* AIM OF THE TASK: Only these lines of the data below are wanted: the one with "ereal_sup [set (r%:E)", the one with "have -> : a", and any lines between them, each repeated exactly.

[Records from a data collection]
(* Consider the independent block-fading binary symmetric wiretap channel with parameters $q_1,q_1^*\in[0,1]$, $q_2=1-q_1$, $q_2^*=1-q_1^*$, and crossover probabilities satisfying $p_1\le p_1^*\le p_2\le p_2^*\le 0.5$. Its secrecy capacity with channel state information available only at the decoders satisfies $$C^s_{\textrm{CSI-D}}\le q_1q_1^*H(p_1^* )+q_2^*H(p_2^* )-q_1H(p_1)-q_2q_2^*H(p_2).$$
   Context: $H(p)=-p\log_2 p-(1-p)\log_2(1-p)$ is the binary entropy function, and BSC$(p)$ denotes the binary symmetric channel with crossover probability $p$. Independent block-fading binary symmetric wiretap channel: the transmitter sends $NB$ binary symbols $X_{1:NB}$ organized in $B$ fading blocks of length $N$. Each block $k$ has a main-channel state $S_k\in\{1,2\}$ with $\Pr(S_k=1)=q_1$ and an eavesdropper-channel state $S^*_k\in\{1,2\}$ with $\Pr(S_k^*=1)=q_1^*$; all these states are mutually independent (across blocks and between the two channels) and constant within a block. Within block $k$, the legitimate receiver observes the output $Y$ of $N$ independent uses of BSC$(p_{S_k})$, and the eavesdropper observes the output $Z$ of $N$ independent uses of BSC$(p^*_{S^*_k})$. Let $\mathsf{S}$ denote all the state realizations $(S_k,S_k^* )_{k=1}^B$. A code consists of a (possibly randomized) encoder $X_{1:NB}=f(\mathsf{M})$ of a uniformly distributed message $\mathsf{M}$, which knows only the state distributions (not the realizations), and a decoder $\hat{\mathsf{M}}=g(Y_{1:NB},\mathsf{S})$; its rate is $\frac{1}{NB}\log_2$ of the message-set size. A rate $R$ is achievable if there are such codes of rate at least $R$ (asymptotically) with $N,B\to\infty$ such that $\Pr\{\mathsf{M}\ne\hat{\mathsf{M}}\}\to0$ and $\frac{1}{NB}I(\mathsf{M};Z_{1:NB}\mid\mathsf{S})\to 0$. $C^s_{\textrm{CSI-D}}$ is the supremum of achievable rates. *)

From HB Require Import structures.
From mathcomp Require Import all_boot all_order all_algebra.
From mathcomp Require Import all_classical all_reals all_analysis.
Set Implicit Arguments. Unset Strict Implicit. Unset Printing Implicit Defensive.
Import Order.TTheory GRing.Theory Num.Theory.
Local Open Scope ring_scope.
Local Open Scope classical_set_scope.

Section BFWiretap.
Variable R : realType.

(* base-2 logarithm; ln 0 = 0 in mathcomp-analysis, giving 0 log 0 = 0 *)
Definition log2 (x : R) : R := ln x / ln 2.

Definition H2 (p : R) : R := - p * log2 p - (1 - p) * log2 (1 - p).

(* NB binary symbols organised in B blocks of length N: symbol (k,i) is the
   i-th symbol of block k *)
Definition word (N B : nat) := {ffun 'I_B * 'I_N -> bool}.
(* state realizations of the B blocks: true = state 1, false = state 2 *)
Definition state (B : nat) := {ffun 'I_B -> bool}.

Definition pstate (q : R) (B : nat) (s : state B) : R :=
  \prod_(k < B) (if s k then q else 1 - q).

Definition bfbsc (pa pb : R) (N B : nat) (s : state B) (x y : word N B) : R :=
  \prod_(ki : 'I_B * 'I_N)
     (let p := if s ki.1 then pa else pb in
      if y ki == x ki then 1 - p else p).

Definition is_encoder (N B M : nat) (f : 'I_M -> word N B -> R) : Prop :=
  forall m : 'I_M, (forall x, 0 <= f m x) /\ \sum_(x : word N B) f m x = 1.

(* Pr{ M <> g(Y, S) }, message uniform on 'I_M; the decoder sees the
   legitimate output Y and all states S = (S_k, S*_k)_k *)
Definition err_prob (q1 q1s p1 p2 : R) (N B M : nat)
    (f : 'I_M -> word N B -> R) (g : word N B -> state B -> state B -> 'I_M) : R :=
  \sum_(s : state B) \sum_(ss : state B) \sum_(m < M) \sum_(x : word N B)
    \sum_(y : word N B)
      (M%:R)^-1 * pstate q1 s * pstate q1s ss * f m x * bfbsc p1 p2 s x y
        * (if g y s ss != m then 1 else 0).

Definition zcond (p1s p2s : R) (N B M : nat) (f : 'I_M -> word N B -> R)
    (m : 'I_M) (ss : state B) (z : word N B) : R :=
  \sum_(x : word N B) f m x * bfbsc p1s p2s ss x z.

Definition zmarg (p1s p2s : R) (N B M : nat) (f : 'I_M -> word N B -> R)
    (ss : state B) (z : word N B) : R :=
  (M%:R)^-1 * \sum_(m < M) zcond p1s p2s f m ss z.

(* I(M ; Z | S) in bits *)
Definition leakage (q1 q1s p1s p2s : R) (N B M : nat)
    (f : 'I_M -> word N B -> R) : R :=
  \sum_(s : state B) \sum_(ss : state B) pstate q1 s * pstate q1s ss *
    \sum_(m < M) \sum_(z : word N B)
      (M%:R)^-1 * zcond p1s p2s f m ss z *
        log2 (zcond p1s p2s f m ss z / zmarg p1s p2s f ss z).

Definition achievable (q1 q1s p1 p2 p1s p2s : R) (Rt : R) : Prop :=
  forall eps : R, 0 < eps -> forall N0 B0 : nat,
  exists (N B M : nat) (f : 'I_M -> word N B -> R)
         (g : word N B -> state B -> state B -> 'I_M),
    [/\ (N0 <= N)%N, (B0 <= B)%N, (0 < M)%N & is_encoder f] /\
    [/\ log2 (M%:R) / ((N * B)%:R) >= Rt - eps,
        err_prob q1 q1s p1 p2 f g <= eps &
        leakage q1 q1s p1s p2s f / ((N * B)%:R) <= eps].

Definition CsCSID (q1 q1s p1 p2 p1s p2s : R) : \bar R :=
  ereal_sup [set (r%:E) | r in [set r | achievable q1 q1s p1 p2 p1s p2s r]].

End BFWiretap.

(* Fix the fading states.  In every block the main and the eavesdropper channel are
   both degraded versions of the BSC whose crossover is the smaller of their two
   crossovers; call Yb its output.  Fano's inequality and data processing give
   log M <= 1 + Pe log M + I(M; Yb).  Since Z is Yb passed through a doubly stochastic
   channel, H(Yb) <= H(Z), and data processing along X -> Yb -> Z bounds
   H(Z | M) - H(Yb | M) by H(Z | X) - H(Yb | X), a sum of binary entropy differences
   that does not depend on the codeword.  Hence I(M; Yb) <= I(M; Z) + (that sum), whose
   average over the states is N B times the claimed bound; as Pe and the normalized
   leakage vanish, no achievable rate exceeds it. *)

From mathcomp Require Import all_boot all_order all_algebra.
From mathcomp Require Import all_classical all_reals all_analysis.
From mathcomp Require Import ring lra.
Import Order.TTheory GRing.Theory Num.Theory.
Set Implicit Arguments. Unset Strict Implicit. Unset Printing Implicit Defensive.
Local Open Scope ring_scope.

Section FiniteInformation.
Variable R : realType.

Lemma ln_le_subr1 (x : R) : 0 < x -> ln x <= x - 1.
Proof.
by move=> x_gt0; have := @le_ln1Dx R (x - 1); rewrite addrCA subrr addr0; apply; lra.
Qed.

Lemma log_sum_term (a b A B : R) : 0 <= a -> 0 <= b -> (0 < a -> 0 < b) ->
  0 < A -> 0 < B -> a * ln (A / B) <= a * ln (a / b) + b * A / B - a.
Proof.
move=> a_ge0 b_ge0 ab A_gt0 B_gt0; have [->|a_neq0] := eqVneq a 0.
  by rewrite !mul0r subr0 add0r; apply: divr_ge0; [apply: mulr_ge0|]; lra.
have a_gt0 : 0 < a by rewrite lt_def a_neq0.
have b_gt0 := ab a_gt0.
have := ln_le_subr1 (divr_gt0 (divr_gt0 A_gt0 B_gt0) (divr_gt0 a_gt0 b_gt0)).
rewrite [ln (_ / (a / b))]ln_div ?posrE ?divr_gt0 // => /(ler_wpM2l a_ge0).
have -> : a * (A / B / (a / b) - 1) = b * A / B - a by field; rewrite !gt_eqF.
by rewrite mulrBr => le; lra.
Qed.

Lemma log_sum_inequality (I : finType) (a b : I -> R) :
  (forall i, 0 <= a i) -> (forall i, 0 <= b i) -> (forall i, 0 < a i -> 0 < b i) ->
  (\sum_i a i) * ln ((\sum_i a i) / (\sum_i b i)) <= \sum_i a i * ln (a i / b i).
Proof.
move=> a_ge0 b_ge0 ab.
have [A0|A_neq0] := eqVneq (\sum_i a i) 0.
  rewrite A0 mul0r; apply: sumr_ge0 => i _.
  by rewrite (psumr_eq0P (fun i _ => a_ge0 i) A0) // mul0r.
have [i0 ai0_gt0] : exists i, 0 < a i.
  apply/existsP; apply: contraNT A_neq0; rewrite negb_exists => /forallP a_le0.
  by apply/eqP/big1 => i _; apply/le_anti; rewrite a_ge0 andbT leNgt a_le0.
have B_gt0 : 0 < \sum_i b i.
  by rewrite (bigD1 i0) //= ltr_pwDl ?ab ?sumr_ge0.
set A := \sum_i a i in A_neq0 *; set B := \sum_i b i in B_gt0 *.
have A_gt0 : 0 < A by rewrite lt_def A_neq0 sumr_ge0.
have termwise : \sum_i a i * ln (A / B) <=
    \sum_i (a i * ln (a i / b i) + b i * A / B - a i).
  by apply: ler_sum => i _; exact: log_sum_term (a_ge0 i) (b_ge0 i) (@ab i) A_gt0 B_gt0.
rewrite -mulr_suml -/A !big_split /= sumrN -/A -!mulr_suml -/B in termwise.
by rewrite (mulrAC B) divff ?gt_eqF // mul1r addrK in termwise.
Qed.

* OUTPUT:
  ereal_sup [set (r%:E) | r in [set r | achievable q1 q1s p1 p2 p1s p2s r]].

End BFWiretap.

(* Fix the fading states.  In every block the main and the eavesdropper channel are
   both degraded versions of the BSC whose crossover is the smaller of their two
   crossovers; call Yb its output.  Fano's inequality and data processing give
   log M <= 1 + Pe log M + I(M; Yb).  Since Z is Yb passed through a doubly stochastic
   channel, H(Yb) <= H(Z), and data processing along X -> Yb -> Z bounds
   H(Z | M) - H(Yb | M) by H(Z | X) - H(Yb | X), a sum of binary entropy differences
   that does not depend on the codeword.  Hence I(M; Yb) <= I(M; Z) + (that sum), whose
   average over the states is N B times the claimed bound; as Pe and the normalized
   leakage vanish, no achievable rate exceeds it. *)

From mathcomp Require Import all_boot all_order all_algebra.
From mathcomp Require Import all_classical all_reals all_analysis.
From mathcomp Require Import ring lra.
Import Order.TTheory GRing.Theory Num.Theory.
Set Implicit Arguments. Unset Strict Implicit. Unset Printing Implicit Defensive.
Local Open Scope ring_scope.

Section FiniteInformation.
Variable R : realType.

Lemma ln_le_subr1 (x : R) : 0 < x -> ln x <= x - 1.
Proof.
by move=> x_gt0; have := @le_ln1Dx R (x - 1); rewrite addrCA subrr addr0; apply; lra.
Qed.

Lemma log_sum_term (a b A B : R) : 0 <= a -> 0 <= b -> (0 < a -> 0 < b) ->
  0 < A -> 0 < B -> a * ln (A / B) <= a * ln (a / b) + b * A / B - a.
Proof.
move=> a_ge0 b_ge0 ab A_gt0 B_gt0; have [->|a_neq0] := eqVneq a 0.
  by rewrite !mul0r subr0 add0r; apply: divr_ge0; [apply: mulr_ge0|]; lra.
have a_gt0 : 0 < a by rewrite lt_def a_neq0.
have b_gt0 := ab a_gt0.
have := ln_le_subr1 (divr_gt0 (divr_gt0 A_gt0 B_gt0) (divr_gt0 a_gt0 b_gt0)).
rewrite [ln (_ / (a / b))]ln_div ?posrE ?divr_gt0 // => /(ler_wpM2l a_ge0).
have -> : a * (A / B / (a / b) - 1) = b * A / B - a by field; rewrite !gt_eqF.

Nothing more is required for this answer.